Andrew Vachss, lo scrittore di Oltraggio e L’uomo in fuga, dichiara di aver sempre ascoltato tanta musica. Ma confessa, che, almeno all’inizio, il blues non lo digeriva più di tanto. Poi un giorno, a Chicago, sentì suonare dal vivo Son Seals e da allora non riesce più a farne a meno. A te, invece, com’è andata? Com’è nato il tuo amore per il blues?
Sinceramente non lo so. Sarebbe più facile dire che il blues ha scelto me e che poi tutto è venuto di conseguenza. Il blues non è solo musica ma un vero e proprio miracolo. Tocca ogni cuore, senza pensare al colore della pelle e alla lingua che parli. Sai che cosa c’è scritto, in Mississippi, in un vecchio negozio di dischi? Chi non ama il blues ha un buco nell’anima. Il blues, per come la vedo io, è un dono meraviglioso che gli afro-americani ci hanno voluto regalare per pulirci l’anima.

Di solito, da ragazzini, quando si comincia a suonare, tutti pensano di diventare dei chitarristi. Tu, invece, hai scelto l’armonica, il «violino dei poveri».
A dire il vero è stata l’armonica a scegliere me. Un po’ come il blues. E sai quand’è successo? Parecchio tempo fa, alla fine degli anni Settanta, guardando al cinema The Last Waltz, il film di Scorsese sull’addio della Band alle scene. Fu allora che venni folgorato dal carisma di Muddy Waters e dall’incredibile suono dell’armonica di Paul Butterfield. Non avevo mai sentito nessuno suonare così. In quegli stessi giorni iniziai a rendermi conto che il blues era ormai la mia musica. Quella che rappresentava i miei sentimenti e, soprattutto, la mia rabbia di operaio sfruttato. Non potevo certo pensare che un giorno avrei incontrato Levon Helm, Garth Hudson e Mavis Staples, alcuni degli artisti presenti in quel film di Scorsese.

E per suonare l’armonica a chi ti sei ispirato?
Davvero a tanta gente. A Noah Lewis come anche a Jazz Gillum, Sonny Terry, James Cotton, i due Sonny Boy Williamson, Paul Butterfield, Mississippi John Hurt, Muddy Waters, Son House, ma anche ad alcuni grandi bluesmen che hanno avuto la sfortuna di registrare poco e il cui nome, adesso, s’è perso nella nebbia del tempo. Con Charlie Musselwhite ho poi un rapporto speciale. M’è sempre stato vicino, soprattutto quando lottavo contro la depressione. Charlie non è solo un grande musicista ma anche una grande persona.

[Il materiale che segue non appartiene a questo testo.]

(* Let $T$ be a quasi-binary tree with $|V(T)|>1$ and vertex weight function $\omega:V(T)\to\mathbb{R}$. Let $\gamma,\eta\in\mathbb{R}$ be such that $\gamma\ge\omega_3$ and $$\max\left\{\frac{\omega_1-\gamma}{2},\ \omega_2-\gamma\right\}\le \eta\le \frac{\omega(T)}{2}.$$ Then there exists an edge $e\in E(T)$ such that, denoting by $C_e^1, C_e^2$ the two connected components of $T\setminus\{e\}$, we have $$\eta\le \omega(C_e^i)\le 2\eta+\gamma$$ for some $i\in\{1,2\}$.
   Context: A binary tree is a tree in which every vertex has degree $3$, except for pending vertices (degree $1$) and one root vertex (degree $2$). A tree is quasi-binary if it is a connected subgraph of a binary tree; in particular every vertex has degree $1$, $2$ or $3$. For a subgraph $H$ write $\omega(H)=\sum_{v\in V(H)}\omega(v)$. For $i=1,2,3$ let $V_i$ be the set of vertices of degree $i$, and let $\omega_i=\max\{\omega(v): v\in V_j \text{ for some } j \text{ with } i\le j\le 3\}$ (the maximum weight of a vertex of degree at least $i$). *)

From mathcomp Require Import all_boot all_order all_algebra.
Set Implicit Arguments. Unset Strict Implicit. Unset Printing Implicit Defensive.
Import Order.TTheory GRing.Theory Num.Theory.
Local Open Scope ring_scope.

Definition simple_graph (V : finType) (e : rel V) : Prop :=
  symmetric e /\ irreflexive e.

Definition deg (V : finType) (e : rel V) (v : V) : nat := #|[pred u | e v u]|.

Definition connected_graph (V : finType) (e : rel V) : Prop :=
  forall x y : V, connect e x y.

Definition acyclic (V : finType) (e : rel V) : Prop :=
  forall c : seq V, uniq c -> cycle e c -> (size c < 3)%N.

Definition is_tree (V : finType) (e : rel V) : Prop :=
  [/\ simple_graph e, connected_graph e & acyclic e].

Definition binary_tree (B : finType) (eB : rel B) : Prop :=
  is_tree eB /\
  exists r : B, deg eB r = 2%N /\
    forall v : B, v != r -> deg eB v = 1%N \/ deg eB v = 3%N.

Definition quasi_binary (V : finType) (e : rel V) : Prop :=
  is_tree e /\
  exists (B : finType) (eB : rel B) (f : V -> B),
    [/\ binary_tree eB, injective f & forall x y, e x y -> eB (f x) (f y)].

Definition wset (V : finType) (R : numDomainType) (w : V -> R) (A : {set V}) : R :=
  \sum_(v in A) w v.

(* "omega_i <= x": every vertex of degree at least i has weight <= x,
   i.e. the maximum weight over vertices of degree >= i is at most x
   (vacuous when there is no such vertex: max of the empty set = -oo). *)
Definition omega_le (V : finType) (e : rel V) (R : numDomainType)
  (w : V -> R) (i : nat) (x : R) : Prop :=
  forall v : V, (i <= deg e v)%N -> w v <= x.

Definition remove_edge (V : finType) (e : rel V) (u v : V) : rel V :=
  fun x y => e x y && ~~ (((x == u) && (y == v)) || ((x == v) && (y == u))).

Definition comp_after_removal (V : finType) (e : rel V) (u v x : V) : {set V} :=
  [set y | connect (remove_edge e u v) x y].

From mathcomp Require Import all_boot all_order all_algebra.
From mathcomp Require Import lra.
Import Order.TTheory GRing.Theory Num.Theory.
Local Open Scope ring_scope.

(* Orient every edge: [side a b] is the component of [a] once [ab] is removed.
   Among the oriented edges whose side has weight at least eta, pick (a, b) with
   the side of least cardinality.  The side of (a, b) is [a] together with the
   disjoint sides of (x, a) for the other neighbours x of a; these are strictly
   smaller, hence of weight < eta.  As a has at most two such neighbours, the
   side of (a, b) weighs at most w a + (deg a - 1) eta, and the three degree
   hypotheses on eta turn this into the bound 2 eta + gamma. *)

Section TreeSides.
Set Implicit Arguments. Unset Strict Implicit.

Variables (V : finType) (e : rel V).
Hypothesis e_sym : symmetric e.
Hypothesis e_irr : irreflexive e.
Hypothesis e_connected : connected_graph e.
Hypothesis e_acyclic : acyclic e.

Local Notation side u v := (comp_after_removal e u v u).

Definition avoiding (v : V) : rel V := fun a b => [&& e a b, a != v & b != v].

Definition children (a b : V) : {set V} := [set x | e a x] :\ b.

Lemma remove_edge_sub u v : subrel (remove_edge e u v) e.
Proof. by move=> x y /andP []. Qed.

Lemma remove_edge_sym u v : symmetric (remove_edge e u v).
Proof.
move=> x y; rewrite /remove_edge e_sym.
by case: (x == u); case: (y == v); case: (x == v); case: (y == u).
Qed.

Lemma remove_edgeC u v : remove_edge e v u =2 remove_edge e u v.
Proof. by move=> x y; rewrite /remove_edge orbC. Qed.

Lemma avoiding_sym v : symmetric (avoiding v).
Proof.
by move=> x y; rewrite /avoiding e_sym; case: (x != v); case: (y != v); rewrite ?andbF.
Qed.

Lemma edge_neq a b : e a b -> a != b.
Proof. by apply: contraTneq => ->; rewrite e_irr. Qed.

Lemma remove_edge_disconnects u v : e u v -> ~~ connect (remove_edge e u v) u v.
Proof.
move=> euv; apply/negP => /connectP [p0 pp0 lp0].
case/shortenP: pp0 lp0 => p pp up _ lp.
have cyc : cycle e (u :: p).
  by rewrite /= rcons_path (sub_path (@remove_edge_sub u v) pp) -lp e_sym.
have := e_acyclic up cyc.
case: p pp {up cyc} lp => [|x [|z q]] //= => [_ vu | /andP [Eux _] vx].
  by move: euv; rewrite -vu e_irr.
by move: Eux; rewrite -vx /remove_edge !eqxx andbF.
Qed.

Lemma remove_edge_connect_ends u v y : e u v ->
  connect (remove_edge e u v) u y || connect (remove_edge e u v) v y.
Proof.
move=> euv; set c := connect (remove_edge e u v).
have /connectP [p pp ->] := e_connected u y.
suff reach : forall q a, path e a q -> c u a || c v a -> c u (last a q) || c v (last a q).
  by apply: reach pp _; rewrite /c connect0.
elim=> [|b q IH] a //= /andP [eab pq] ca; apply: IH pq _.
have [Eab|] := boolP (remove_edge e u v a b).
  by case/orP: ca => ca; rewrite /c (connect_trans ca (connect1 Eab)) ?orbT.
by rewrite /remove_edge eab negbK => /orP [] /andP [_ /eqP ->]; rewrite /c connect0 ?orbT.
Qed.

Lemma side_swap u v : e u v -> side v u = ~: side u v.
Proof.
move=> euv; apply/setP => y; rewrite !inE (eq_connect (remove_edgeC u v)).
have := remove_edge_connect_ends y euv.
have [cuy|] //= := boolP (connect _ u y) => _; apply/negP => cvy.
have := remove_edge_disconnects euv.
by rewrite (connect_trans cuy) // (sym_connect_sym (@remove_edge_sym u v)).
Qed.

Lemma wset_sides (R : numDomainType) (w : V -> R) u v : e u v ->
  wset w (side u v) + wset w (side v u) = wset w [set: V].
Proof.
by move=> euv; rewrite (side_swap euv) /wset [RHS](big_setID (side u v)) setTI setTD.
Qed.

Lemma avoiding_path_notin v x p : path (avoiding v) x p -> v \notin p.
Proof.
elim: p x => [|b p IH] x //= /andP [/and3P [_ _ bv] pp].
by rewrite inE negb_or eq_sym bv (IH b).
Qed.

Lemma avoiding_connect_neq v x y : x != v -> connect (avoiding v) x y -> y != v.
Proof.
move=> xv /connectP [p pp ->]; have := mem_last x p.
rewrite inE => /orP [/eqP -> //|]; apply: contraTneq => ->.
exact: avoiding_path_notin pp.
Qed.

Lemma path_avoiding (r : rel V) v x p :
  subrel r e -> path r x p -> v \notin x :: p -> path (avoiding v) x p.
Proof.
move=> sub_r; elim: p x => [|b p IH] x //= /andP [rxb pp].
rewrite !inE !negb_or => /and3P [xv bv np].
by rewrite /avoiding sub_r // eq_sym xv eq_sym bv IH // inE negb_or bv.
Qed.

Lemma avoiding_sub_remove_edge u v : subrel (avoiding v) (remove_edge e u v).
Proof.
by move=> a b /and3P [eab av bv]; rewrite /remove_edge eab (negbTE av) (negbTE bv) !andbF.
Qed.

Lemma side_avoiding x v : e x v -> side x v = [set y | connect (avoiding v) x y].
Proof.
move=> exv; apply/setP => y; rewrite !inE.
apply/idP/idP => /connectP [p pp ->]; apply/connectP; exists p => //.
  have v_notin : v \notin x :: p.
    by apply/negP => vin; have := remove_edge_disconnects exv; rewrite (path_connect pp vin).
  exact: path_avoiding (@remove_edge_sub x v) pp v_notin.
by apply: sub_path pp; apply: avoiding_sub_remove_edge.
Qed.

Lemma mem_side a b : a \in side a b.
Proof. by rewrite inE connect0. Qed.

Lemma side_notin_parent x a : e x a -> a \notin side x a.
Proof.
move=> exa; rewrite side_avoiding // inE; apply/negP.
by move/(avoiding_connect_neq (edge_neq exa)); rewrite eqxx.
Qed.

Lemma children_edge a b x : x \in children a b -> e x a.
Proof. by rewrite !inE e_sym => /andP []. Qed.

Lemma card_children a b : e a b -> (#|children a b|.+1 = deg e a)%N.
Proof.
move=> eab; have -> : deg e a = #|[set x | e a x]| by apply: eq_card => x; rewrite inE.
by rewrite (cardsD1 b [set x | e a x]) inE eab.
Qed.

Lemma side_child_sub a b x : e a b -> x \in children a b -> side x a \subset side a b.
Proof.
move=> eab xN; have := xN; rewrite !inE => /andP [xb eax].
rewrite side_avoiding ?(children_edge xN) //; apply/subsetP => y; rewrite !inE.
have Eax : remove_edge e a b a x.
  by rewrite /remove_edge eax eqxx (negbTE xb) (negbTE (edge_neq eab)).
move=> /connectP [p pp ->]; apply: connect_trans (connect1 Eax) _.
apply/connectP; exists p => //; apply: sub_path pp => c d cd.
by rewrite -remove_edgeC; apply: avoiding_sub_remove_edge.
Qed.

Lemma side_child_proper a b x : e a b -> x \in children a b -> side x a \proper side a b.
Proof.
move=> eab xN; apply/properP; split; first exact: side_child_sub.
by exists a; [exact: mem_side | exact: side_notin_parent (children_edge xN)].
Qed.

Lemma side_children a b y : e a b -> y \in side a b -> y != a ->
  exists2 x, x \in children a b & y \in side x a.
Proof.
move=> eab; rewrite inE => /connectP [p0 pp0 ->].
case/shortenP: pp0 => -[|x q] /=; first by rewrite eqxx.
move=> /andP [Eax pq] /andP [aq _] _ _.
have eax := remove_edge_sub Eax.
exists x.
  rewrite !inE eax andbT; move: Eax; rewrite /remove_edge eqxx /= eax /=.
  by apply: contra => /eqP ->; rewrite eqxx.
rewrite side_avoiding 1?e_sym // inE; apply/connectP; exists q => //.
exact: path_avoiding (@remove_edge_sub a b) pq aq.
Qed.

(* Two children sides meeting would close a cycle through [a]. *)
Lemma sides_disjoint a x1 x2 : e a x1 -> e a x2 -> x1 != x2 ->
  [disjoint side x1 a & side x2 a].
Proof.
move=> e1 e2 n12; have e1' : e x1 a by rewrite e_sym.
have e2' : e x2 a by rewrite e_sym.
rewrite !side_avoiding //; apply/pred0P => y /=; rewrite !inE.
apply/negP => /andP [c1 c2].
have /connectP [p0 pp0 l0] : connect (avoiding a) x1 x2.
  by rewrite (connect_trans c1) // (sym_connect_sym (@avoiding_sym a)).
case/shortenP: pp0 l0 => p pp up _ l.
have ua : a \notin x1 :: p.
  by rewrite inE negb_or eq_sym (edge_neq e1') (avoiding_path_notin pp).
have cyc : cycle e (a :: x1 :: p).
  by rewrite /= e1 rcons_path -l e2' andbT (sub_path _ pp) // => u v /and3P [].
have := e_acyclic _ cyc; rewrite cons_uniq ua up => /(_ isT).
by case: p {pp up ua cyc} l => [|z q] //= l; rewrite l eqxx in n12.
Qed.

Lemma wset_side (R : numDomainType) (w : V -> R) a b : e a b ->
  wset w (side a b) = w a + \sum_(x in children a b) wset w (side x a).
Proof.
move=> eab.
have side_cup : side a b = a |: \bigcup_(x in children a b) side x a.
  apply/setP => y; rewrite in_setU1; apply/idP/idP => [yS|].
    have [//|ya] := eqVneq y a.
    by have [x xN yx] := side_children eab yS ya; apply/bigcupP; exists x.
  case/orP => [/eqP -> | /bigcupP [x xN]]; first exact: mem_side.
  exact: subsetP (side_child_sub eab xN) y.
have a_notin : a \notin \bigcup_(x in children a b) side x a.
  by apply/bigcupP => -[x /children_edge exa]; apply/negP; apply: side_notin_parent.
pose F x := if x \in children a b then side x a else set0.
rewrite /wset side_cup big_setU1 //=.
have -> : \bigcup_(x in children a b) side x a = \bigcup_x F x by rewrite big_mkcond.
rewrite partition_disjoint_bigcup => [|x1 x2].
  congr (_ + _); rewrite [RHS]big_mkcond; apply: eq_bigr => x _.
  by rewrite /F; case: ifP => // _; rewrite big_set0.
rewrite /F; case: ifP => [/children_edge e1|_]; last by rewrite -setI_eq0 set0I.
case: ifP => [/children_edge e2|_] n12; last by rewrite -setI_eq0 setI0.
by apply: sides_disjoint; rewrite // e_sym.
Qed.

Lemma connected_has_edge : (1 < #|V|)%N -> exists x z, e x z.
Proof.
case/card_gt1P=> x [y [_ _ xy]]; case/connectP: (e_connected x y) => [[|z p]] /=.
  by move=> _ yx; rewrite yx eqxx in xy.
by move=> /andP [exz _] _; exists x, z.
Qed.

Lemma exists_heavy_side (R : realFieldType) (w : V -> R) (eta : R) :
  (1 < #|V|)%N -> eta <= wset w [set: V] / 2 ->
  exists p : V * V, e p.1 p.2 && (eta <= wset w (side p.1 p.2)).
Proof.
move=> V_gt1 etaT; have [x [z exz]] := connected_has_edge V_gt1.
have := wset_sides w exz; have [heavy _|light sides] := leP eta (wset w (side x z)).
  by exists (x, z); rewrite exz heavy.
by exists (z, x); rewrite /= e_sym exz /=; move: etaT; rewrite -sides; lra.
Qed.

Lemma light_side_edge (R : realFieldType) (w : V -> R) (gamma eta : R) :
  (forall v, (deg e v <= 3)%N) ->
  (1 < #|V|)%N ->
  omega_le e w 3 gamma ->
  (forall v : V, (1 <= deg e v)%N -> (w v - gamma) / 2 <= eta) ->
  (forall v : V, (2 <= deg e v)%N -> w v - gamma <= eta) ->
  eta <= wset w [set: V] / 2 ->
  exists u v : V, e u v /\ (eta <= wset w (side u v) <= 2 * eta + gamma).
Proof.
move=> deg_le3 V_gt1 w3 w1 w2 etaT.
pose heavy (p : V * V) := e p.1 p.2 && (eta <= wset w (side p.1 p.2)).
have [p0 heavy_p0] : exists p0, heavy p0 := exists_heavy_side V_gt1 etaT.
case: (arg_minnP (fun p : V * V => #|side p.1 p.2|) heavy_p0) => [[a b]].
rewrite /heavy /= => /andP [eab heavy_ab] minimal; exists a, b; split => //; rewrite heavy_ab /=.
have light x : x \in children a b -> wset w (side x a) <= eta.
  move=> xN; rewrite leNgt; apply/negP => /ltW heavy_x.
  have := minimal (x, a); rewrite /= (children_edge xN) // heavy_x => /(_ isT).
  by rewrite leqNgt proper_card // side_child_proper.
rewrite wset_side //; apply: (@le_trans _ _ (w a + eta *+ #|children a b|)).
  by rewrite lerD2l -sumr_const; apply: ler_sum.
move: (deg_le3 a) (w1 a) (w2 a) (w3 a); rewrite -(card_children eab).
case: #|children a b| => [|[|[|k]]] deg_a h1 h2 h3; rewrite ?mulr0n ?mulr1n ?mulr2n.
- by have := h1 isT => ?; lra.
- by have := h2 isT => ?; lra.
- by have := h3 isT => ?; lra.
- by [].
Qed.

End TreeSides.

Lemma deg_le_injective_hom (V B : finType) (e : rel V) (eB : rel B) (f : V -> B) v :
  injective f -> (forall x y, e x y -> eB (f x) (f y)) -> (deg e v <= deg eB (f v))%N.
Proof.
move=> f_inj f_hom; rewrite /deg -(card_imset _ f_inj); apply: subset_leq_card.
by apply/subsetP => _ /imsetP [u uin ->]; rewrite inE f_hom.
Qed.

Lemma binary_tree_deg_le3 (B : finType) (eB : rel B) v :
  binary_tree eB -> (deg eB v <= 3)%N.
Proof. by case=> _ [r [deg_r deg_v]]; have [->|/deg_v []->] := eqVneq v r; rewrite ?deg_r. Qed.

Lemma quasi_binary_deg_le3 (V : finType) (e : rel V) v :
  quasi_binary e -> (deg e v <= 3)%N.
Proof.
case=> _ [B [eB [f [binB f_inj f_hom]]]].
exact: leq_trans (deg_le_injective_hom v f_inj f_hom) (binary_tree_deg_le3 _ binB).
Qed.

Theorem lemma1 (V : finType) (e : rel V) (R : realFieldType) (w : V -> R)
  (gamma eta : R) :
  quasi_binary e ->
  (1 < #|V|)%N ->
  omega_le e w 3 gamma ->
  (forall v : V, (1 <= deg e v)%N -> (w v - gamma) / 2 <= eta) ->
  (forall v : V, (2 <= deg e v)%N -> w v - gamma <= eta) ->
  eta <= wset w [set: V] / 2 ->
  exists u v : V, e u v /\
    (eta <= wset w (comp_after_removal e u v u) <= 2 * eta + gamma).
Proof.
move=> qb; have [[[e_sym e_irr] e_conn e_acyc] _] := qb.
apply: light_side_edge => // v; exact: quasi_binary_deg_le3.
Qed.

Fabrizio Poggi foto di JohnBull
Fabrizio Poggi foto di John Bull

Col tempo, il blues ti ha portato anche in America, a farti vedere i posti in cui è nato.
Già, e ogni pellegrinaggio nei luoghi sacri del blues m’ha segnato dentro. Se sei una persona con la mente aperta e sensibile alle cose che ti circondano e ti capita di passare per il Mississippi, vedrai allora che il blues ti cambierà per sempre. Da quelle parti, la musica viene fuori dalla terra e dalla polvere delle strade. Il blues è negli alberi, nell’erba, nel modo in cui la gente cammina e parla, in ciò che si mangia, nell’aria che si respira… Lì ho incontrato dei vecchi bluesmen che oggi non ci sono più, ma che m’hanno raccontato un sacco di storie che mi hanno cambiato per sempre. In quei posti, ho avuto anche il privilegio di suonare in alcuni locali dove il blues è nato.

In America ci sei tornato spesso. Non solo per suonare in giro, ma anche per incidere. Quella terra, alla fine,  tu e la tua armonica l’avete conquistata. Mica male,  per uno nato alla periferia dell’Impero.
Sono stato il primo italiano e spero d’avere aperto la strada a tutti quei musicisti, italiani o europei, che verranno dopo di me. A volte, sono sempre stato il primo, o almeno tra i primi, a fare certe cose. Come incidere dischi in USA, fare da quelle parti dei veri e propri tour, con la mia band e con musicisti americani, e poi registrare con alcune leggende del blues e del rock… Questo, insomma, è quello che ho fatto in questi ultimi 35 anni, vivendo on the road.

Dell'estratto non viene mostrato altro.